Alison Matsumoto, a 43-year-old graphic designer who lives in Los Angeles, drinks five cups of green tea every day. "I love the aroma of fresh green tea leaves. There's something magical about watching the dried leaves unfurl in my teapot and turn a vibrant green -- it's like they are coming alive." Alison also had an ulcer five years ago. "I used to live at the local Starbucks, until I got sick, that is. Now with green tea, I'm still getting some caffeine and am hopefully doing something to prevent stomach problems in the years to come."
This is not a new idea, but one that has long been a widespread belief in the Asian culture and is supported by a body of scientific research suggesting that increased consumption of green tea can lower the risk of stomach cancer.
However, a study published this month in the New England Journal of Medicine suggests otherwise. In this study, 26,311 people in Japan were given questionnaires asking about their consumption of green tea and other foods in 1984. Recently, the researchers recorded the causes of death for the participants to see if those who drank more green tea were less likely to die of stomach cancer.
The researchers found no association between green tea intake and the risk of stomach cancer. This surprising result has been reported widely by the media.
But hold on to your tea leaves -- this study has two major flaws which may explain the disappointing results.

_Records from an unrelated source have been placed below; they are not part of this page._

(* Let $g(x)=\frac1\nu\int_{1-\nu}^1\Phi\big(\mu(x,u\,\mathcal{C}'/R)\big)\,du$ for $x\in[0,1]$. Then $g$ is differentiable (piecewise) with $$g'(x)=\frac{R}{\mathcal{C}'}\int_{z_x^{low}}^{z_x^{max}}\big(1+\delta_a+\delta_z\big)^2\phi(z)\,dz,$$ where $z_x^{low}=\mu(x,(1-\nu)\mathcal{C}'/R)$, $z_x^{max}=\mu(x,\mathcal{C}'/R)$, $\delta_a=a/\sqrt{2\log M}$ and $\delta_z=z/\sqrt{2\log M}$. Furthermore, if $$R=\frac{\mathcal{C}'}{(1+\delta_a)^2(1+r/\log M)}\quad\text{with } r\ge r_0:=\frac{1}{2(1+\delta_a)^2},$$ then $g(x)-x$ is a decreasing function of $x$ on $[0,1]$.
   Context: Fix an integer $M\ge2$, $snr>0$, $\nu=snr/(1+snr)$, constants $a\ge0$, $\mathcal{C}'>0$, $R>0$. $\Phi,\phi$ denote the standard normal distribution function and density. For $x\in[0,1]$ and $u>0$, $\mu(x,u)=\big(\sqrt{u/(1-x\nu)}-1\big)\sqrt{2\log M}-a$ (natural logarithm). *)

From Stdlib Require Import Reals Lra ClassicalEpsilon.
Open Scope R_scope.

(* Oriented Riemann integral of f from a to b (Stdlib RiemannInt);
   well defined whenever f is Riemann integrable (RiemannInt is proof
   irrelevant), and an arbitrary value otherwise. *)
Definition Rint (f : R -> R) (a b : R) : R :=
  epsilon (inhabits 0)
    (fun v => exists pr : Riemann_integrable f a b, RiemannInt pr = v).

Definition phi (z : R) : R := exp (- (z * z) / 2) / sqrt (2 * PI).

Definition Phi (t : R) : R :=
  epsilon (inhabits 0)
    (fun l => Un_cv (fun n => Rint phi (- INR n) t) l).

Definition nu (snr : R) : R := snr / (1 + snr).

Definition mu (M : nat) (snr a : R) (x u : R) : R :=
  (sqrt (u / (1 - x * nu snr)) - 1) * sqrt (2 * ln (INR M)) - a.

Definition gfun (M : nat) (snr a C' Rt : R) (x : R) : R :=
  / nu snr * Rint (fun u => Phi (mu M snr a x (u * C' / Rt))) (1 - nu snr) 1.

From Stdlib Require Import Reals Lra ClassicalEpsilon.
From Coquelicot Require Import Coquelicot.
Open Scope R_scope.

(* Write L = sqrt(2 log M), c = 1 + a/L, q = 1 - x nu and m = u C'/R.  Since
   c + mu(x,m)/L = sqrt(m/q), the substitution z = mu(x,m) turns
   u |-> Phi(mu(x, u C'/R)) into an expression in Phi and in a primitive W of
   the weighted density (c + z/L)^2 phi(z).  This gives g in closed form,
     g(x) = (1/nu) [G(C'/R, x) - G((1-nu) C'/R, x)],
     G(m, x) = Phi(mu(x,m)) R m/C' - (R q/C') W(mu(x,m)),
   whose x-derivative is (R/C') [W(z_max) - W(z_low)], the claimed integral.
   For the monotonicity, the total weighted mass is int (c + z/L)^2 phi = c^2 + 1/L^2,
   so under the rate condition g'(x) < 1 and the mean value theorem concludes. *)

(* auto_derive states its side equalities in Coquelicot's ring R_AbsRing;
   restating them over R lets ring and field apply. *)
Ltac real_eq := match goal with |- @eq _ ?u ?v => change (@eq R u v) end.

Lemma Rint_RInt (f : R -> R) (a b : R) : ex_RInt f a b -> Rint f a b = RInt f a b.
Proof.
  intros Hf. unfold Rint.
  destruct (epsilon_spec (inhabits 0)
              (fun v => exists pr : Riemann_integrable f a b, RiemannInt pr = v)
              (ex_intro _ _ (ex_intro _ (ex_RInt_Reals_0 _ _ _ Hf) eq_refl)))
    as [pr Hpr].
  rewrite <- Hpr. symmetry. apply RInt_Reals.
Qed.

Lemma sub_id_decreasing (f f' : R -> R) (x y : R) :
  x < y ->
  (forall t, x <= t <= y -> is_derive f t (f' t)) ->
  (forall t, x <= t <= y -> f' t < 1) ->
  f y - y < f x - x.
Proof.
  intros Hxy Hder Hlt.
  destruct (MVT_cor2 (fun t => f t - t) (fun t => f' t - 1) x y Hxy) as [t [Hmvt Ht]].
  { intros t Ht. apply is_derive_Reals.
    apply (is_derive_minus (K:=R_AbsRing) (V:=R_NormedModule) f (fun t => t)).
    - now apply Hder.
    - apply (is_derive_id (K:=R_AbsRing)). }
  assert (Hneg : (f' t - 1) * (y - x) < 0).
  { apply Rmult_neg_pos; [|lra]. specialize (Hlt t ltac:(lra)). lra. }
  lra.
Qed.

Definition gauss (x : R) : R := exp (- (x * x) / 2).

Lemma gauss_continuous (x : R) : continuous gauss x.
Proof.
  apply (ex_derive_continuous (V:=R_NormedModule)). unfold gauss. auto_derive. auto.
Qed.

Lemma ex_RInt_gauss (a b : R) : ex_RInt gauss a b.
Proof.
  apply (ex_RInt_continuous (V:=R_CompleteNormedModule)). intros; apply gauss_continuous.
Qed.

(* Feynman's integrand: its integral over x in [0,1] has t-derivative
   -gauss(t) int_0^t gauss, which makes (int_0^t gauss)^2 + 2 int_0^1 feynman t
   constant in t. *)
Definition feynman (t x : R) : R := exp (- (t * t) * (1 + x * x) / 2) / (1 + x * x).

Lemma feynman_dt (t x : R) :
  is_derive (fun s => feynman s x) t (- t * exp (- (t * t) * (1 + x * x) / 2)).
Proof.
  assert (0 < 1 + x * x) by nra.
  unfold feynman. auto_derive; [auto|]. real_eq. unfold Rdiv. field. lra.
Qed.

Lemma ex_RInt_feynman (t : R) : ex_RInt (feynman t) 0 1.
Proof.
  apply (ex_RInt_continuous (V:=R_CompleteNormedModule)). intros x _.
  apply (ex_derive_continuous (V:=R_NormedModule)). unfold feynman. auto_derive. nra.
Qed.

(* The parametric derivative is jointly continuous, as differentiation under
   the integral sign requires. *)
Lemma feynman_dt_continuous (t x : R) :
  continuity_2d_pt (fun u v => Derive (fun s => feynman s v) u) t x.
Proof.
  apply continuity_2d_pt_ext with (f := fun u v => - u * exp (- (u * u) * (1 + v * v) / 2)).
  { intros u v. symmetry. apply is_derive_unique, feynman_dt. }
  apply continuity_2d_pt_mult.
  - apply continuity_2d_pt_opp, continuity_2d_pt_id1.
  - apply continuity_1d_2d_pt_comp.
    + apply derivable_continuous_pt, derivable_pt_exp.
    + unfold Rdiv. apply continuity_2d_pt_mult; [|apply continuity_2d_pt_const].
      apply continuity_2d_pt_mult.
      * apply continuity_2d_pt_opp. apply continuity_2d_pt_mult; apply continuity_2d_pt_id1.
      * apply continuity_2d_pt_plus; [apply continuity_2d_pt_const|].
        apply continuity_2d_pt_mult; apply continuity_2d_pt_id2.
Qed.

(* Substituting y = t x: int_0^1 t e^{-t^2(1+x^2)/2} dx = gauss(t) int_0^t gauss. *)
Lemma RInt_feynman_dt (t : R) :
  RInt (fun x => Derive (fun s => feynman s x) t) 0 1 = - gauss t * RInt gauss 0 t.
Proof.
  rewrite (RInt_ext _ (fun x => scal (- gauss t) (scal t (gauss (t * x + 0))))).
  2:{ intros x _. transitivity (- t * exp (- (t * t) * (1 + x * x) / 2)).
      { apply is_derive_unique, feynman_dt. }
      unfold gauss, scal; simpl; unfold mult; simpl.
      replace (- (t * t) * (1 + x * x) / 2) with
        (- (t * t) / 2 + - ((t * x + 0) * (t * x + 0)) / 2) by field.
      rewrite exp_plus. ring. }
  rewrite (RInt_scal (V:=R_CompleteNormedModule)).
  2:{ apply (ex_RInt_continuous (V:=R_CompleteNormedModule)). intros x _.
      apply (ex_derive_continuous (V:=R_NormedModule)).
      unfold gauss, scal; simpl; unfold mult; simpl. auto_derive. auto. }
  rewrite (RInt_comp_lin (V:=R_CompleteNormedModule)) by apply ex_RInt_gauss.
  rewrite Rmult_0_r, Rplus_0_r, Rmult_1_r, Rplus_0_r. reflexivity.
Qed.

Lemma is_derive_RInt_feynman (t : R) :
  is_derive (fun s => RInt (feynman s) 0 1) t (- gauss t * RInt gauss 0 t).
Proof.
  rewrite <- RInt_feynman_dt.
  apply (is_derive_RInt_param feynman).
  - apply filter_forall. intros s x _. eexists. apply feynman_dt.
  - intros x _. apply feynman_dt_continuous.
  - apply filter_forall. intros s. apply ex_RInt_feynman.
Qed.

Definition feynman_energy (t : R) : R := (RInt gauss 0 t) ^ 2 + 2 * RInt (feynman t) 0 1.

One problem with the study is that the researchers did not obtain data on whether participants had a history of infection with Helicobacter pylori, a type of bacteria that is associated with a three- to six fold increase in the risk of stomach cancer. H. pylori infection is usually asymptomatic, although nearly all H. pylori-infected people have some sort of inflammation of the stomach. The result of this infection and inflammation is reduced acidity of stomach juices -- by the H. pylori bacteria that produces acid-neutralizing ammonia and also by the chronic inflammation that can eventually destroy the mucous lining and glands that secrete stomach acid. Decreased acidity of the stomach is associated with the formation of a greater number of cancer-causing compounds called nitrosamines in the stomach, presumably because it allows bacteria to grow in the stomach and convert dietary nitrates into these compounds.

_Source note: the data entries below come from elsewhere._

(* Let $(C,\mathfrak p,\mathfrak d)$ be a regular $q$-cycle coalgebra with $\mathfrak p_{11}^1\ne0$. Then $\mathfrak d_{b1}^c=\mathfrak p_{b1}^c$ for all $b,c\in\{0,\dots,n-1\}$.
   Context: $K$ is an algebraically closed field of characteristic $0$ and $n\ge2$. $C$ is the coalgebra dual to $K[y]/\langle y^n\rangle$: basis $x_0,\dots,x_{n-1}$, $\Delta(x_i)=\sum_{j+k=i}x_j\otimes x_k$, $\epsilon(x_i)=\delta_{i0}$; $C\otimes C$ has the tensor product coalgebra structure; Sweedler notation $\Delta(b)=b_{(1)}\otimes b_{(2)}$. For linear maps $\mathfrak p,\mathfrak d\colon C\otimes C\to C$ write $a\cdot b=\mathfrak p(a\otimes b)$, $a:b=\mathfrak d(a\otimes b)$, $\mathfrak p(x_i\otimes x_j)=\sum_{k=0}^{n-1}\mathfrak p_{ij}^kx_k$, $\mathfrak d(x_i\otimes x_j)=\sum_{k=0}^{n-1}\mathfrak d_{ij}^kx_k$. A triple $(C,\mathfrak p,\mathfrak d)$ with $\mathfrak p,\mathfrak d$ coalgebra morphisms is a regular $q$-magma coalgebra if there are coalgebra morphisms $a\otimes b\mapsto a^b$, $a\otimes b\mapsto a_b$ from $C\otimes C$ to $C$ with $a^{b_{(1)}}\cdot b_{(2)}=(a\cdot b_{(1)})^{b_{(2)}}=\epsilon(b)a$ and $(a:b_{(2)})_{b_{(1)}}=a_{b_{(2)}}:b_{(1)}=\epsilon(b)a$. It is a regular $q$-cycle coalgebra if moreover for all $a,b,c$: (1) $(a\cdot b_{(1)})\cdot(c:b_{(2)})=(a\cdot c_{(2)})\cdot(b\cdot c_{(1)})$; (2) $(a\cdot b_{(1)}):(c\cdot b_{(2)})=(a:c_{(2)})\cdot(b:c_{(1)})$; (3) $(a:b_{(1)}):(c:b_{(2)})=(a:c_{(2)}):(b\cdot c_{(1)})$. *)

From HB Require Import structures.
From mathcomp Require Import all_boot all_order all_algebra.
Set Implicit Arguments. Unset Strict Implicit. Unset Printing Implicit Defensive.
Import GRing.Theory.
Local Open Scope ring_scope.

The second problem with this study is that intake of compounds called nitrosamines were not considered as a group. Nitrosamines, which can be formed from dried, smoked, salted and preserved foods containing nitrates or introduced directly through cigarette smoke, are associated with stomach cancer. The conversion of nitrates to nitrosamines may be especially high in Japan, since inflammation of the stomach and H.pylori infection, two conditions that are very common in Japan, are known to increase this conversion. Participants who drank the most green tea also smoked more cigarettes and consumed more preserved foods, perhaps having a statistically greater intake of nitrosamines. However, nitrosamines were not considered as a group, nor was it clear whether the questionnaire included all possible sources of this group of compounds.
In addition, participants were not asked about their refrigeration and food-preservation practices. It is possible that the more green tea a person drinks, the more likely they are to have a traditional diet that includes salted, smoked and dried fish and seaweed; consumption of many preserved foods may then make them less cautious about the refrigeration of other foods. Eating partially decaying foods may be another source of nitrate-converting bacteria that can enter the stomach.

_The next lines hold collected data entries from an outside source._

(* Let $a,b,c$ be real numbers such that either $a,b,c\ge0$ and $0<a+b\le c$, or $a,b\ge 0$, $c\le 0$ and $a+b+c>0$. Then for every real $r\neq 0$, $$\frac{(e^{2ar}-1)(e^{2br}-1)(e^{cr}+1)^2}{(e^{(a+b+c)r}-1)^2}\ \ge\ \frac{16ab}{(a+b+c)^2}.$$ *)

From Stdlib Require Import Reals.

(* Since e^(2t) - 1 = 2 e^t sinh t and e^(2t) + 1 = 2 e^t cosh t, the right-hand
   side equals 4 sinh(ar) sinh(br) cosh^2(cr/2) / sinh^2((a+b+c)r/2), and the
   claim becomes the hyperbolic inequality (with x = ar, y = br, z = cr)

     4 x y sinh^2((x+y+z)/2) <= (x+y+z)^2 sinh x sinh y cosh^2(z/2).

   Everything rests on one analytic fact: sinh x / x is nondecreasing on
   [0, oo), proved from the mean value theorem.  From it we derive that
   (cosh t - 1)/t^2 is nondecreasing and tanh t / t is nonincreasing; the first
   gives 4xy sinh^2((x+y)/2) <= (x+y)^2 sinh x sinh y, the second gives
   (x+y) sinh((x+y+z)/2) <= (x+y+z) sinh((x+y)/2) cosh(z/2) in the admissible
   regions, and multiplying the two yields the hyperbolic inequality.  The
   theorem then follows by scaling (with a parity argument for r < 0) and by
   rewriting the exponential quotient in hyperbolic form. *)

From Coquelicot Require Import Coquelicot.
From Stdlib Require Import Reals Lra Psatz.
Open Scope R_scope.

Lemma nondecreasing_of_derive_nonneg (f df : R -> R) (a b : R) :
  a <= b ->
  (forall x, a <= x <= b -> is_derive f x (df x)) ->
  (forall x, a <= x <= b -> 0 <= df x) ->
  f a <= f b.
Proof.
  intros hab hderiv hpos.
  assert (hmin : Rmin a b = a) by (apply Rmin_left; lra).
  assert (hmax : Rmax a b = b) by (apply Rmax_right; lra).
  destruct (MVT_gen f a b df) as [c [hc hmvt]]; rewrite ?hmin, ?hmax in *.
  - intros x hx; apply hderiv; lra.
  - intros x hx; apply continuity_pt_filterlim, (ex_derive_continuous (V := R_NormedModule)).
    exists (df x); apply hderiv; lra.
  - assert (0 <= df c * (b - a)) by (apply Rmult_le_pos; [apply hpos|]; lra).
    lra.
Qed.

Lemma sinh_nonneg (x : R) : 0 <= x -> 0 <= sinh x.
Proof.
  intros hx; rewrite <- sinh_0.
  destruct (Req_dec x 0) as [-> | hx0]; [lra | left; apply sinh_lt; lra].
Qed.

Lemma sinh_neq0 (x : R) : x <> 0 -> sinh x <> 0.
Proof.
  intros hx; rewrite <- sinh_0.
  destruct (Rdichotomy x 0 hx) as [h | h]; apply sinh_lt in h; lra.
Qed.

Lemma sinh_opp (x : R) : sinh (- x) = - sinh x.
Proof. unfold sinh; rewrite Ropp_involutive; lra. Qed.

Lemma cosh_opp (x : R) : cosh (- x) = cosh x.
Proof. unfold cosh; rewrite Ropp_involutive; lra. Qed.

(* sinh x <= x cosh x for x >= 0: the derivative of x cosh x - sinh x is
   x sinh x >= 0. *)
Lemma sinh_le_mul_cosh (x : R) : 0 <= x -> sinh x <= x * cosh x.
Proof.
  intros hx.
  enough (0 * cosh 0 - sinh 0 <= x * cosh x - sinh x) by (rewrite sinh_0 in *; lra).
  apply (nondecreasing_of_derive_nonneg (fun t => t * cosh t - sinh t)
           (fun t => t * sinh t)); [exact hx | |].
  - intros t _; apply is_derive_Reals.
    replace (t * sinh t) with ((1 * cosh t + t * sinh t) - cosh t) by ring.
    apply derivable_pt_lim_minus; [|apply derivable_pt_lim_sinh].
    apply derivable_pt_lim_mult; [apply derivable_pt_lim_id | apply derivable_pt_lim_cosh].
  - intros t ht; apply Rmult_le_pos; [|apply sinh_nonneg]; lra.
Qed.

(* The monotonicity of sinh x / x on [0, oo), written without division.
   Its derivative is (x cosh x - sinh x) / x^2 >= 0. *)
Lemma sinh_div_id_mono (s t : R) : 0 <= s <= t -> t * sinh s <= s * sinh t.
Proof.
  intros [hs hst].
  destruct (Req_dec s 0) as [-> | hs0]; [rewrite sinh_0; lra |].
  assert (hratio : sinh s / s <= sinh t / t).
  { apply (nondecreasing_of_derive_nonneg (fun u => sinh u / u)
             (fun u => (u * cosh u - sinh u) / u ^ 2)); [exact hst | |].
    - intros u hu; apply is_derive_Reals.
      replace ((u * cosh u - sinh u) / u ^ 2) with ((cosh u * u - 1 * sinh u) / u²)
        by (unfold Rsqr; field; lra).
      apply (derivable_pt_lim_div sinh id);
        [apply derivable_pt_lim_sinh | apply derivable_pt_lim_id | unfold id; lra].
    - intros u hu; apply Rdiv_le_0_compat.
      + pose proof (sinh_le_mul_cosh u); lra.
      + apply pow_lt; lra. }
  replace (t * sinh s) with (sinh s / s * (s * t)) by (field; lra).
  replace (s * sinh t) with (sinh t / t * (s * t)) by (field; lra).
  apply Rmult_le_compat_r; nra.
Qed.

Lemma exp_double (t : R) : exp (2 * t) = exp t * exp t.
Proof. rewrite <- exp_plus; f_equal; ring. Qed.

Ltac expand_hyperbolic :=
  unfold sinh, cosh, Rminus;
  repeat rewrite ?Ropp_plus_distr, ?Ropp_involutive, ?exp_plus, ?exp_Ropp;
  field; repeat split; apply Rgt_not_eq, exp_pos.

Lemma cosh_sub1 (t : R) : cosh t - 1 = 2 * sinh (t / 2) ^ 2.
Proof.
  replace t with (t / 2 + t / 2) at 1 by field.
  expand_hyperbolic.
Qed.

Lemma sinh_mul_sinh (x y : R) : 2 * sinh x * sinh y = cosh (x + y) - cosh (x - y).
Proof. expand_hyperbolic. Qed.

Lemma sinh_mul_cosh (s t : R) : 2 * sinh s * cosh t = sinh (t + s) - sinh (t - s).
Proof. expand_hyperbolic. Qed.

Lemma cosh_mul_sinh (s t : R) : 2 * cosh s * sinh t = sinh (t + s) + sinh (t - s).
Proof. expand_hyperbolic. Qed.

Lemma sinh_add (u v : R) : sinh (u + v) = sinh u * cosh v + cosh u * sinh v.
Proof. expand_hyperbolic. Qed.

Lemma exp_double_sub1 (t : R) : exp (2 * t) - 1 = 2 * exp t * sinh t.
Proof. rewrite exp_double; expand_hyperbolic. Qed.

Lemma exp_double_add1 (t : R) : exp (2 * t) + 1 = 2 * exp t * cosh t.
Proof. rewrite exp_double; expand_hyperbolic. Qed.

(* (cosh t - 1) / t^2 = (sinh (t/2) / (t/2))^2 / 2 is nondecreasing on
   [0, oo). *)
Lemma cosh_sub1_mono (d p : R) : 0 <= d <= p -> (cosh d - 1) * p ^ 2 <= (cosh p - 1) * d ^ 2.
Proof.
  intros hdp; rewrite !cosh_sub1.
  assert (hmono : p / 2 * sinh (d / 2) <= d / 2 * sinh (p / 2))
    by (apply sinh_div_id_mono; lra).
  assert (0 <= p / 2 * sinh (d / 2))
    by (apply Rmult_le_pos; [|apply sinh_nonneg]; lra).
  assert ((p / 2 * sinh (d / 2)) ^ 2 <= (d / 2 * sinh (p / 2)) ^ 2)
    by (apply pow_incr; lra).
  nra.
Qed.

(* tanh t / t is nonincreasing on [0, oo): by the product-to-sum formulas
   this is the monotonicity of sinh x / x between t - s and t + s. *)
Lemma tanh_div_id_antimono (s t : R) :
  0 <= s <= t -> s * cosh s * sinh t <= t * sinh s * cosh t.
Proof.
  intros hst.
  assert (hmono : (t + s) * sinh (t - s) <= (t - s) * sinh (t + s))
    by (apply sinh_div_id_mono; lra).
  pose proof (sinh_mul_cosh s t); pose proof (cosh_mul_sinh s t).
  nra.
Qed.

(* With sinh x sinh y = (cosh (x+y) - cosh (x-y)) / 2 and
   (x+y)^2 - 4xy = (x-y)^2 this is cosh_sub1_mono for |x-y| <= x+y. *)
Lemma sinh_mul_sinh_lower (x y : R) : 0 <= x -> 0 <= y ->
  4 * x * y * sinh ((x + y) / 2) ^ 2 <= (x + y) ^ 2 * sinh x * sinh y.
Proof.
  intros hx hy.
  assert (hgap : (cosh (x - y) - 1) * (x + y) ^ 2 <= (cosh (x + y) - 1) * (x - y) ^ 2).
  { destruct (Rle_dec y x).
    - apply cosh_sub1_mono; lra.
    - replace (x - y) with (- (y - x)) by ring; rewrite cosh_opp.
      replace ((- (y - x)) ^ 2) with ((y - x) ^ 2) by ring.
      apply cosh_sub1_mono; lra. }
  assert (hhalf : sinh ((x + y) / 2) ^ 2 = (cosh (x + y) - 1) / 2)
    by (rewrite cosh_sub1; field).
  replace ((x + y) ^ 2 * sinh x * sinh y) with ((x + y) ^ 2 * (2 * sinh x * sinh y) / 2)
    by field.
  rewrite hhalf, sinh_mul_sinh.
  replace (4 * x * y) with ((x + y) ^ 2 - (x - y) ^ 2) by ring.
  lra.
Qed.

(* Second half: sinh (u+v) / (u+v) <= sinh u cosh v / u whenever v >= u, or
   v <= 0 <= u + v.  Expanding sinh (u+v), this is tanh_div_id_antimono
   applied to (u, v), resp. to (-v, u). *)
Lemma sinh_add_upper (u v : R) : 0 < u -> u <= v \/ (v <= 0 /\ 0 <= u + v) ->
  u * sinh (u + v) <= (u + v) * sinh u * cosh v.
Proof.
  intros hu hv.
  enough (u * cosh u * sinh v <= v * sinh u * cosh v) by (rewrite sinh_add; nra).
  destruct hv as [huv | [hv0 huv]].
  - apply tanh_div_id_antimono; lra.
  - pose proof (tanh_div_id_antimono (- v) u) as h.
    rewrite cosh_opp, sinh_opp in h.
    enough (- v * cosh v * sinh u <= u * - sinh v * cosh u) by nra.
    apply h; lra.
Qed.

(* The inequality in hyperbolic form.  With u = (x+y)/2 and v = z/2, square
   sinh_add_upper and combine it with sinh_mul_sinh_lower. *)
Lemma hyperbolic_inequality (x y z : R) :
  0 <= x -> 0 <= y -> 0 < x + y -> x + y <= z \/ (z <= 0 /\ 0 <= x + y + z) ->
  4 * x * y * sinh ((x + y + z) / 2) ^ 2
    <= (x + y + z) ^ 2 * sinh x * sinh y * cosh (z / 2) ^ 2.
Proof.
  intros hx hy hxy hz.
  set (u := (x + y) / 2); set (v := z / 2).
  replace ((x + y + z) / 2) with (u + v) by (unfold u, v; field).
  replace (x + y + z) with (2 * (u + v)) by (unfold u, v; field).
  assert (hu : 0 < u) by (unfold u; lra).
  assert (hsum : 4 * x * y * sinh u ^ 2 <= (2 * u) ^ 2 * sinh x * sinh y).
  { replace (2 * u) with (x + y) by (unfold u; field); apply sinh_mul_sinh_lower; lra. }
  assert (hadd : u * sinh (u + v) <= (u + v) * sinh u * cosh v).
  { apply sinh_add_upper; [exact hu | unfold u, v; lra]. }
  assert (huv : 0 <= u + v) by (unfold u, v; destruct hz; lra).
  assert (hadd_nonneg : 0 <= u * sinh (u + v))
    by (apply Rmult_le_pos; [|apply sinh_nonneg]; lra).
  assert (hadd2 : (u * sinh (u + v)) ^ 2 <= ((u + v) * sinh u * cosh v) ^ 2)
    by (apply pow_incr; lra).
  apply (Rmult_le_reg_r (u ^ 2)); [apply pow_lt; lra |].
  assert (hxy4 : 0 <= 4 * x * y) by (rewrite Rmult_assoc; apply Rmult_le_pos; nra).
  assert (hcv : 0 <= (u + v) ^ 2 * cosh v ^ 2)
    by (apply Rmult_le_pos; apply pow2_ge_0).
  apply (Rmult_le_compat_l _ _ _ hxy4) in hadd2.
  apply (Rmult_le_compat_l _ _ _ hcv) in hsum.
  lra.
Qed.

Definition admissible (a b c : R) : Prop :=
  (0 <= a /\ 0 <= b /\ 0 <= c /\ 0 < a + b /\ a + b <= c) \/
  (0 <= a /\ 0 <= b /\ c <= 0 /\ 0 < a + b + c).

Lemma hyperbolic_inequality_pos (a b c r : R) : admissible a b c -> 0 < r ->
  4 * a * b * sinh ((a + b + c) * r / 2) ^ 2
    <= (a + b + c) ^ 2 * sinh (a * r) * sinh (b * r) * cosh (c * r / 2) ^ 2.
Proof.
  intros habc hr.
  assert (h : 4 * (a * r) * (b * r) * sinh ((a * r + b * r + c * r) / 2) ^ 2
              <= (a * r + b * r + c * r) ^ 2 * sinh (a * r) * sinh (b * r)
                 * cosh (c * r / 2) ^ 2).
  { apply hyperbolic_inequality; destruct habc; nra. }
  replace (a * r + b * r + c * r) with ((a + b + c) * r) in h by ring.
  apply (Rmult_le_reg_r (r ^ 2)); [apply pow_lt; lra |].
  lra.
Qed.

(* Both sides are even in r (sinh is odd, cosh is even), so the case r < 0
   reduces to r > 0. *)
Lemma hyperbolic_inequality_scaled (a b c r : R) : admissible a b c -> r <> 0 ->
  4 * a * b * sinh ((a + b + c) * r / 2) ^ 2
    <= (a + b + c) ^ 2 * sinh (a * r) * sinh (b * r) * cosh (c * r / 2) ^ 2.
Proof.
  intros habc hr.
  destruct (Rdichotomy r 0 hr) as [hneg | hpos].
  - assert (hopp : 0 < - r) by lra.
    pose proof (hyperbolic_inequality_pos a b c (- r) habc hopp) as h.
    replace ((a + b + c) * - r / 2) with (- ((a + b + c) * r / 2)) in h by field.
    replace (a * - r) with (- (a * r)) in h by ring.
    replace (b * - r) with (- (b * r)) in h by ring.
    replace (c * - r / 2) with (- (c * r / 2)) in h by field.
    rewrite !sinh_opp, cosh_opp in h.
    lra.
  - apply hyperbolic_inequality_pos; assumption.
Qed.

(* The quotient of the theorem in hyperbolic form: writing e^(2t) -+ 1 =
   2 e^t sinh t, resp. 2 e^t cosh t, all exponential prefactors cancel. *)
Lemma exp_quotient_hyperbolic (a b c r : R) : (a + b + c) * r <> 0 ->
  (exp (2 * a * r) - 1) * (exp (2 * b * r) - 1) * (exp (c * r) + 1) ^ 2
    / (exp ((a + b + c) * r) - 1) ^ 2
  = 4 * sinh (a * r) * sinh (b * r) * cosh (c * r / 2) ^ 2
    / sinh ((a + b + c) * r / 2) ^ 2.
Proof.
  intros hs.
  assert (hsinh : sinh ((a + b + c) * r / 2) <> 0) by (apply sinh_neq0; lra).
  replace (exp (2 * a * r)) with (exp (2 * (a * r))) by (f_equal; ring).
  replace (exp (2 * b * r)) with (exp (2 * (b * r))) by (f_equal; ring).
  replace (exp (c * r)) with (exp (2 * (c * r / 2))) by (f_equal; field).
  replace (exp ((a + b + c) * r)) with (exp (2 * ((a + b + c) * r / 2))) by (f_equal; field).
  rewrite !exp_double_sub1, exp_double_add1.
  replace (exp (a * r)) with (exp (a * r / 2) * exp (a * r / 2))
    by (rewrite <- exp_plus; f_equal; field).
  replace (exp (b * r)) with (exp (b * r / 2) * exp (b * r / 2))
    by (rewrite <- exp_plus; f_equal; field).
  replace (exp ((a + b + c) * r / 2))
    with (exp (a * r / 2) * exp (b * r / 2) * exp (c * r / 2))
    by (rewrite <- !exp_plus; f_equal; field).
  field; repeat split; try exact hsinh; apply Rgt_not_eq, exp_pos.
Qed.

Theorem lemma4p1 (a b c : R)
  (habc : (0 <= a /\ 0 <= b /\ 0 <= c /\ 0 < a + b /\ a + b <= c) \/
          (0 <= a /\ 0 <= b /\ c <= 0 /\ 0 < a + b + c))
  (r : R) (hr : r <> 0) :
  16 * a * b / (a + b + c) ^ 2 <=
  (exp (2 * a * r) - 1) * (exp (2 * b * r) - 1) * (exp (c * r) + 1) ^ 2
    / (exp ((a + b + c) * r) - 1) ^ 2.
Proof.
  assert (hs : 0 < a + b + c) by (destruct habc; lra).
  assert (hsr : (a + b + c) * r <> 0) by (apply Rmult_integral_contrapositive_currified; lra).
  assert (hden : 0 < sinh ((a + b + c) * r / 2) ^ 2)
    by (apply pow2_gt_0, sinh_neq0; lra).
  pose proof (hyperbolic_inequality_scaled a b c r habc hr) as hhyp.
  rewrite exp_quotient_hyperbolic by exact hsr.
  apply (Rle_div_r _ _ _ hden).
  replace (16 * a * b / (a + b + c) ^ 2 * sinh ((a + b + c) * r / 2) ^ 2)
    with (4 * (4 * a * b * sinh ((a + b + c) * r / 2) ^ 2) / (a + b + c) ^ 2)
    by (field; lra).
  apply Rle_div_l; [apply pow_lt; exact hs |].
  lra.
Qed.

Although green tea should not be considered to be a dietary "magic bullet" for the prevention of stomach cancer, the results of a single flawed study should not be over-emphasized. Further studies that take into account nitrosamine intake, H. pylori infection, and food preservation practices are needed, since they may have countered the positive effect of green tea.
"What's worse?" asked Ms. Matsumoto, "spending a little extra money on a drink that I love? Or," she added, "finding out later on that it could have helped to prevent me from getting cancer?"
1. Fauci AS, Braunwald E, Isselbacher KJ, Kasper DL, Hauser SL, Longo DL. Harrison's Principles of Internal Medicine, Volumes I and II. McGraw Hill, 2001.
2. Reed PI, Smith PLR, Haines K, et al. Gastric juice N-nitrosamines in health and duodenal disease. Lancet 1981;8246:550-552.
3. Tsubono Y, Nishino Y, Komatsu S, Hsieh CC, Kanemura S, Tsuji I, Nakatsuka H, Fukao A, Satoh H, Hisamichi S. Green tea and the risk of gastric cancer in Japan. New England Journal of Medicine 2001;334:632-6.